### What the task asks
Below are some records; output exactly the lines from the line with "by rewrite outerZr" to the line with "by apply: contraNneq ncb", both ends kept, and nothing more.

### Data records

Lemma tr_outer u v : (outer u v)^T = outer v u.
Proof. by rewrite /outer trmx_mul trmxK. Qed.

Lemma rV_neq0P n (v : 'rV[F]_n) : reflect (exists k, v 0 k != 0) (v != 0).
Proof.
apply: (iffP idP) => [nz_v | [k]]; last by apply: contraNneq => ->; rewrite mxE.
apply/existsP; apply: contraR nz_v => /existsPn v0.
by apply/eqP/rowP => k; rewrite mxE; apply/eqP/negbNE/v0.
Qed.

Lemma outer_eq0 u v : (outer u v == 0) = (u == 0) || (v == 0).
Proof.
apply/idP/idP => [|/orP[]/eqP->]; [|by rewrite outer0l|by rewrite outer0r].
apply: contraLR; rewrite negb_or => /andP[/rV_neq0P[i ui] /rV_neq0P[k vk]].
apply/eqP => /matrixP/(_ i k); rewrite outerE mxE => /eqP.
by rewrite mulf_eq0 (negbTE ui) (negbTE vk).
Qed.

Lemma outer_colinear_l u v x y : outer u v = outer x y -> v != 0 -> exists r, u = r *: x.
Proof.
move=> e /rV_neq0P[k vk]; exists (y 0 k / v 0 k); apply/rowP => i.
apply: (mulIf vk); have /matrixP/(_ i k) := e; rewrite !outerE !mxE => ->.
by rewrite mulrAC divfK // mulrC.
Qed.

Lemma outer_colinear_r u v x y : outer u v = outer x y -> u != 0 -> exists r, v = r *: y.
Proof. by move/(congr1 trmx); rewrite !tr_outer; apply: outer_colinear_l. Qed.

Lemma rV2_colinear x x' : x != 0 ->
  x 0 ord0 * x' 0 ord_max = x 0 ord_max * x' 0 ord0 -> exists k, x' = k *: x.
Proof.
move=> /rV_neq0P[k xk] cross0; exists (x' 0 k / x 0 k); apply/rowP => j.
rewrite mxE; apply: (mulIf xk); rewrite mulrAC divfK //.
by case: (ord2P j) => ->; case: (ord2P k) => -> //; rewrite [LHS]mulrC [RHS]mulrC cross0.
Qed.

Lemma rank_one_outer_sum x0 y0 x1 y1 x2 y2 c1 c2 :
  outer x0 y0 = c1 *: outer x1 y1 + c2 *: outer x2 y2 ->
  c1 != 0 -> c2 != 0 -> x1 != 0 -> y1 != 0 ->
  (exists k, x2 = k *: x1) \/ (exists k, y2 = k *: y1).
Proof.
move=> e c1_nz c2_nz /rV2_colinear colx /rV2_colinear coly.
have E i j : x0 0 i * y0 0 j = c1 * (x1 0 i * y1 0 j) + c2 * (x2 0 i * y2 0 j).
  by have := congr1 (fun M : 'M[F]_2 => M i j) e; rewrite !mxE !big_ord1 !mxE => ->.
have : c1 * c2 * ((x1 0 ord0 * x2 0 ord_max - x1 0 ord_max * x2 0 ord0) *
                  (y1 0 ord0 * y2 0 ord_max - y1 0 ord_max * y2 0 ord0)) = 0.
  have det0 : (x0 0 ord0 * y0 0 ord0) * (x0 0 ord_max * y0 0 ord_max)
            - (x0 0 ord0 * y0 0 ord_max) * (x0 0 ord_max * y0 0 ord0) = 0 by ring.
  by move: det0; rewrite !E => <-; ring.
move/eqP; rewrite !mulf_eq0 (negbTE c1_nz) (negbTE c2_nz) !subr_eq0 /=.
by case/orP => /eqP; [left; apply: colx | right; apply: coly].
Qed.

Lemma outer_sum_colinear_l u v x1 y1 x2 y2 c1 c2 :
  outer u v = c1 *: outer x1 y1 + c2 *: outer x2 y2 -> v != 0 ->
  (x1 == 0) || (x2 == 0) -> exists r, u = r *: (x1 + x2).
Proof.
move=> e nz_v /orP[]/eqP x0; move: e; rewrite x0 outer0l scaler0 -outerZr;
  by rewrite ?add0r ?addr0 => /outer_colinear_l/(_ nz_v).
Qed.

Lemma outer_sum_colinear_r u v x1 y1 x2 y2 c1 c2 :
  outer u v = c1 *: outer x1 y1 + c2 *: outer x2 y2 -> u != 0 ->
  (y1 == 0) || (y2 == 0) -> exists r, v = r *: (y1 + y2).
Proof.
move/(congr1 trmx); rewrite linearD !linearZ /= !tr_outer.
exact: outer_sum_colinear_l.
Qed.

Definition outer_span_l x : 'M[F]_(2, 2 * 2) := \matrix_j mxvec (outer x (delta_mx 0 j)).
Definition outer_span_r y : 'M[F]_(2, 2 * 2) := \matrix_j mxvec (outer (delta_mx 0 j) y).

Lemma outer_span_l_sub x v : (mxvec (outer x v) <= outer_span_l x)%MS.
Proof.
have -> : mxvec (outer x v) = v *m outer_span_l x.
  rewrite mulmx_sum_row {1}(row_sum_delta v) /outer mulmx_sumr linear_sum.
  by apply: eq_bigr => k _; rewrite rowK -scalemxAr linearZ.
exact: submxMl.
Qed.

Lemma outer_span_r_sub y v : (mxvec (outer v y) <= outer_span_r y)%MS.
Proof.
have -> : mxvec (outer v y) = v *m outer_span_r y.
  rewrite mulmx_sum_row {1}(row_sum_delta v) /outer linear_sum mulmx_suml linear_sum.
  by apply: eq_bigr => k _; rewrite rowK linearZ /= -scalemxAl linearZ.
exact: submxMl.
Qed.

End Outer.

Section OuterRows.
Variables (F : fieldType) (n : nat).
Implicit Types a b : 'I_n -> 'rV[F]_2.

Definition outer_rows a b : 'M[F]_(n, 2 * 2) := \matrix_l mxvec (outer (a l) (b l)).

Definition degenerate a b : {set 'I_n} := [set l | (a l == 0) || (b l == 0)].

Lemma row_outer_rows a b l : row l (outer_rows a b) = mxvec (outer (a l) (b l)).
Proof. by rewrite rowK. Qed.

Lemma row_outer_rows_eq0 a b l : (row l (outer_rows a b) == 0) = (l \in degenerate a b).
Proof. by rewrite row_outer_rows mxvec_eq0 outer_eq0 inE. Qed.

Lemma notin_degenerate a b l : l \notin degenerate a b -> a l != 0 /\ b l != 0.
Proof. by rewrite inE negb_or => /andP. Qed.

Definition mixed_rows a0 a1 b0 b1 := row_mx (outer_rows a0 b1) (outer_rows a1 b0).

Lemma row_mixed_rows_neq0 a0 a1 b0 b1 l :
  l \notin degenerate a0 b0 -> l \notin degenerate a1 b1 ->
  row l (mixed_rows a0 a1 b0 b1) != 0.
Proof.
move=> /notin_degenerate[a0l _] /notin_degenerate[_ b1l].
by rewrite row_row_mx row_mx_eq0 row_outer_rows_eq0 inE (negbTE a0l) (negbTE b1l).
Qed.

Lemma row_mixed_rows_comb a0 a1 b0 b1 l x y c1 c2 :
  let S := mixed_rows a0 a1 b0 b1 in
  row l S = c1 *: row x S + c2 *: row y S ->
  outer (a0 l) (b1 l) = c1 *: outer (a0 x) (b1 x) + c2 *: outer (a0 y) (b1 y) /\
  outer (a1 l) (b0 l) = c1 *: outer (a1 x) (b0 x) + c2 *: outer (a1 y) (b0 y).
Proof.
rewrite /= !row_row_mx !row_outer_rows !scale_row_mx add_row_mx => /eq_row_mx[e01 e10].
by split; apply: (can_inj mxvecK); rewrite linearD !linearZ.
Qed.

Lemma row_mixed_rows_line a0 a1 b0 b1 l x d :
  let S := mixed_rows a0 a1 b0 b1 in
  l \notin degenerate a0 b0 -> l \notin degenerate a1 b1 -> row l S = d *: row x S ->
  (mxvec (outer (a0 l) (b0 l)) <= row x (outer_rows a0 b0))%MS.
Proof.
move=> S /notin_degenerate[_ b0l] /notin_degenerate[a1l b1l] e.
have [] := @row_mixed_rows_comb a0 a1 b0 b1 l x x d 0; first by rewrite e scale0r addr0.
rewrite !scale0r !addr0 -outerZr -outerZl => /outer_colinear_l/(_ b1l)[r ->].
move=> /outer_colinear_r/(_ a1l)[r' ->].
by rewrite outerZl outerZr !linearZ /= -row_outer_rows !scalemx_sub.
Qed.

Lemma unit_outer_rows_cover a b (W : 'M[F]_(n, 2 * 2)) k (V : 'M[F]_(k, 2 * 2))
    (B : {set 'I_n}) :
  (outer_rows a b)^T *m W \in unitmx ->
  (forall l, l \notin B -> l \notin degenerate a b -> (mxvec (outer (a l) (b l)) <= V)%MS) ->
  (4 <= \rank V + #|B|)%N.
Proof.
move=> /mxrank_unit_mul[rM _] sV.
have <- : \rank (outer_rows a b) = 4%N by rewrite -mxrank_tr rM.
apply: mxrank_rows_sub => l lB.
have [/eqP-> | ] := boolP (row l (outer_rows a b) == 0); first exact: sub0mx.
by rewrite row_outer_rows_eq0 row_outer_rows; apply: sV.
Qed.

Lemma card_degenerate_unit a b (W : 'M[F]_(n, 2 * 2)) :
  (outer_rows a b)^T *m W \in unitmx -> (#|degenerate a b| + 4 <= n)%N.
Proof.
move=> unitMW.
have cover l : l \notin ~: degenerate a b -> l \notin degenerate a b ->
    (mxvec (outer (a l) (b l)) <= (0 : 'M[F]_(1, 2 * 2)))%MS.
  by rewrite inE negbK => ->.
have := unit_outer_rows_cover unitMW cover.
rewrite mxrank0 add0n [#|~: _|]cardsCs setCK card_ord; lia.
Qed.

End OuterRows.

Section Block.
Variables (F : fieldType) (a0 a1 b0 b1 : 'I_6 -> 'rV[F]_2) (W : 'M[F]_(6, 2 * 2)).
Hypothesis unit00 : (outer_rows a0 b0)^T *m W \in unitmx.
Hypothesis ann01 : (outer_rows a0 b1)^T *m W = 0.
Hypothesis ann10 : (outer_rows a1 b0)^T *m W = 0.
Local Notation S := (mixed_rows a0 a1 b0 b1).

Lemma mixed_rows_ann : S^T *m W = 0.
Proof. by rewrite tr_row_mx mul_col_mx ann01 ann10 col_mx0. Qed.

Lemma rank_mixed_rows : (\rank S <= 2)%N.
Proof.
have [_ rW] := mxrank_unit_mul unit00.
have /mxrankS : (S^T <= kermx W)%MS by apply/sub_kermxP; exact: mixed_rows_ann.
by rewrite mxrank_tr mxrank_ker rW.
Qed.

Lemma two_degenerate_contra o1 o2 :
  o1 != o2 -> o1 \in degenerate a0 b0 -> o2 \in degenerate a0 b0 ->
  (#|degenerate a1 b1| <= 2)%N -> False.
Proof.
move=> o12 o1D o2D card1.
have [o2' o2E] : exists o2', o2 = lift o1 o2'.
  by case: (unliftP o1 o2) o12 => [j ->|->]; [exists j | rewrite eqxx].
have span l : (row l S <= row o1 S + row o2 S)%MS.
  rewrite o2E; apply: (rows_span_of_unit_mul unit00 _ _ mixed_rows_ann);
  by apply/eqP; rewrite row_outer_rows_eq0 -?o2E.
(* a0 or b0 vanishes at o1 and at o2, so relations among the rows of S pin a0 l to the line
   of x and b0 l to that of y. *)
pose x := a0 o1 + a0 o2; pose y := b0 o1 + b0 o2.
suff /(unit_outer_rows_cover unit00) : forall l, l \notin degenerate a1 b1 ->
    l \notin degenerate a0 b0 -> (mxvec (outer (a0 l) (b0 l)) <= mxvec (outer x y))%MS.
  by have := rank_leq_row (mxvec (outer x y)); lia.
move=> l /notin_degenerate[a1l b1l] /notin_degenerate[a0l b0l].
have /sub_adds_rVP[c1 [c2 /row_mixed_rows_comb[e01 e10]]] := span l.
move: o1D o2D; rewrite !inE => o1D o2D.
have [r ->] : exists r, a0 l = r *: x.
  apply: (outer_sum_colinear_l e01 b1l).
  rewrite -[_ || _]negbK negb_or; apply/negP => /andP[/negbTE a01 /negbTE a02].
  move: o1D o2D; rewrite a01 a02 /= => /eqP b01 /eqP b02.
  move/eqP: e10; rewrite b01 b02 !outer0r !scaler0 addr0 outer_eq0.
  by rewrite (negbTE a1l) (negbTE b0l).
have [r' ->] : exists r', b0 l = r' *: y.
  apply: (outer_sum_colinear_r e10 a1l).
  rewrite -[_ || _]negbK negb_or; apply/negP => /andP[/negbTE b01 /negbTE b02].
  move: o1D o2D; rewrite b01 b02 !orbF => /eqP a01 /eqP a02.
  move/eqP: e01; rewrite a01 a02 !outer0l !scaler0 addr0 outer_eq0.
  by rewrite (negbTE a0l) (negbTE b1l).
by rewrite outerZl outerZr scalerA linearZ scalemx_sub.
Qed.

End Block.

Section Core.
Variables (F : fieldType) (a0 a1 b0 b1 : 'I_6 -> 'rV[F]_2) (W : 'M[F]_(6, 2 * 2)).
Hypothesis unit00 : (outer_rows a0 b0)^T *m W \in unitmx.
Hypothesis unit11 : (outer_rows a1 b1)^T *m W \in unitmx.
Hypothesis ann01 : (outer_rows a0 b1)^T *m W = 0.
Hypothesis ann10 : (outer_rows a1 b0)^T *m W = 0.
Local Notation S := (mixed_rows a0 a1 b0 b1).
Local Notation D0 := (degenerate a0 b0).
Local Notation D1 := (degenerate a1 b1).

(* A rank-one matrix that is a genuine combination of two rank-one matrices forces those to
   share a left or a right factor; then all a0 l (or all b1 l) are proportional. *)
Lemma mixed_comb_contra a b c c1 c2 :
  a \notin D0 -> a \notin D1 -> (S <= row a S + row b S)%MS ->
  row c S = c1 *: row a S + c2 *: row b S -> c1 != 0 -> c2 != 0 ->
  (#|D0| <= 1)%N -> (#|D1| <= 1)%N -> False.
Proof.
move=> /notin_degenerate[a0a _] /notin_degenerate[_ b1a] Sab ec c1_nz c2_nz card0 card1.
have comb l : exists d1 d2,
    outer (a0 l) (b1 l) = d1 *: outer (a0 a) (b1 a) + d2 *: outer (a0 b) (b1 b).
  have /sub_adds_rVP[d1 [d2 /row_mixed_rows_comb[e01 _]]] := submx_trans (row_sub l S) Sab.
  by exists d1, d2.
have [e01 _] := row_mixed_rows_comb ec.
case: (rank_one_outer_sum e01 c1_nz c2_nz a0a b1a) => [[k a0b] | [k b1b]].
  suff /(unit_outer_rows_cover unit00) : forall l, l \notin D1 -> l \notin D0 ->
      (mxvec (outer (a0 l) (b0 l)) <= outer_span_l (a0 a))%MS.
    by have := rank_leq_row (outer_span_l (a0 a)); lia.
  move=> l /notin_degenerate[_ b1l] _; have [d1 [d2 e]] := comb l.
  have [r ->] : exists r, a0 l = r *: a0 a.
    apply: (outer_colinear_l (y := d1 *: b1 a + (d2 * k) *: b1 b)) b1l.
    by rewrite e a0b; apply/matrixP => i j; rewrite !mxE !big_ord1 !mxE; ring.
  by rewrite outerZl linearZ scalemx_sub // outer_span_l_sub.
suff /(unit_outer_rows_cover unit11) : forall l, l \notin D0 -> l \notin D1 ->
    (mxvec (outer (a1 l) (b1 l)) <= outer_span_r (b1 a))%MS.
  by have := rank_leq_row (outer_span_r (b1 a)); lia.
move=> l /notin_degenerate[a0l _] _; have [d1 [d2 e]] := comb l.
have [r ->] : exists r, b1 l = r *: b1 a.
  apply: (outer_colinear_r (x := d1 *: a0 a + (d2 * k) *: a0 b)) a0l.
  by rewrite e b1b; apply/matrixP => i j; rewrite !mxE !big_ord1 !mxE; ring.
by rewrite outerZr linearZ scalemx_sub // outer_span_r_sub.
Qed.

Lemma few_degenerate_contra : (#|D0| <= 1)%N -> (#|D1| <= 1)%N -> False.
Proof.
move=> card0 card1.
have /card_gt0P[a] : (0 < #|~: (D0 :|: D1)|)%N.
  have := cardsC (D0 :|: D1); have := (leq_card_setU D0 D1).1; rewrite card_ord; lia.
rewrite in_setC in_setU negb_or => /andP[aD0 aD1].
have [b Sab] :=
  rank2_row_span (rank_mixed_rows unit00 ann01 ann10) (row_mixed_rows_neq0 aD0 aD1).
have [/forallP lines | /forallPn[c]] :=
  boolP [forall l, (row l S <= row a S)%MS || (row l S <= row b S)%MS].
  suff /(unit_outer_rows_cover unit00) : forall l, l \notin D1 -> l \notin D0 ->
      (mxvec (outer (a0 l) (b0 l)) <= row a (outer_rows a0 b0) + row b (outer_rows a0 b0))%MS.
    have := (mxrank_adds_leqif (row a (outer_rows a0 b0)) (row b (outer_rows a0 b0))).1.
    have := rank_leq_row (row a (outer_rows a0 b0)).
    by have := rank_leq_row (row b (outer_rows a0 b0)); lia.
  move=> l l1 l0; case/orP: (lines l) => /sub_rVP[d /(row_mixed_rows_line l0 l1)].
    by move/submx_trans; apply; apply: addsmxSl.
  by move/submx_trans; apply; apply: addsmxSr.
rewrite negb_or => /andP[nca ncb].
have /sub_adds_rVP[c1 [c2 ec]] := submx_trans (row_sub c S) Sab.
apply: (mixed_comb_contra aD0 aD1 Sab ec _ _ card0 card1).
  by apply: contraNneq ncb => c1_0; apply/sub_rVP; exists c2; rewrite ec c1_0 scale0r add0r.
by apply: contraNneq nca => c2_0; apply/sub_rVP; exists c1; rewrite ec c2_0 scale0r addr0.
Qed.

Lemma block_decomposition_contra : False.
Proof.
have := card_degenerate_unit unit00; have := card_degenerate_unit unit11 => card1 card0.
have [card0'|/card_gt1P[o1 [o2 [o1D o2D o12]]]] := leqP #|D0| 1; last first.
  by apply: (two_degenerate_contra unit00 ann01 ann10 o12 o1D o2D); lia.
have [card1'|/card_gt1P[o1 [o2 [o1D o2D o12]]]] := leqP #|D1| 1; last first.
  by apply: (two_degenerate_contra unit11 ann10 ann01 o12 o1D o2D); lia.
exact: few_degenerate_contra.
Qed.

End Core.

### Solution for this problem
by rewrite outerZr linearZ scalemx_sub // outer_span_r_sub.
Qed.

Lemma few_degenerate_contra : (#|D0| <= 1)%N -> (#|D1| <= 1)%N -> False.
Proof.
move=> card0 card1.
have /card_gt0P[a] : (0 < #|~: (D0 :|: D1)|)%N.
  have := cardsC (D0 :|: D1); have := (leq_card_setU D0 D1).1; rewrite card_ord; lia.
rewrite in_setC in_setU negb_or => /andP[aD0 aD1].
have [b Sab] :=
  rank2_row_span (rank_mixed_rows unit00 ann01 ann10) (row_mixed_rows_neq0 aD0 aD1).
have [/forallP lines | /forallPn[c]] :=
  boolP [forall l, (row l S <= row a S)%MS || (row l S <= row b S)%MS].
  suff /(unit_outer_rows_cover unit00) : forall l, l \notin D1 -> l \notin D0 ->
      (mxvec (outer (a0 l) (b0 l)) <= row a (outer_rows a0 b0) + row b (outer_rows a0 b0))%MS.
    have := (mxrank_adds_leqif (row a (outer_rows a0 b0)) (row b (outer_rows a0 b0))).1.
    have := rank_leq_row (row a (outer_rows a0 b0)).
    by have := rank_leq_row (row b (outer_rows a0 b0)); lia.
  move=> l l1 l0; case/orP: (lines l) => /sub_rVP[d /(row_mixed_rows_line l0 l1)].
    by move/submx_trans; apply; apply: addsmxSl.
  by move/submx_trans; apply; apply: addsmxSr.
rewrite negb_or => /andP[nca ncb].
have /sub_adds_rVP[c1 [c2 ec]] := submx_trans (row_sub c S) Sab.
apply: (mixed_comb_contra aD0 aD1 Sab ec _ _ card0 card1).
  by apply: contraNneq ncb => c1_0; apply/sub_rVP; exists c2; rewrite ec c1_0 scale0r add0r.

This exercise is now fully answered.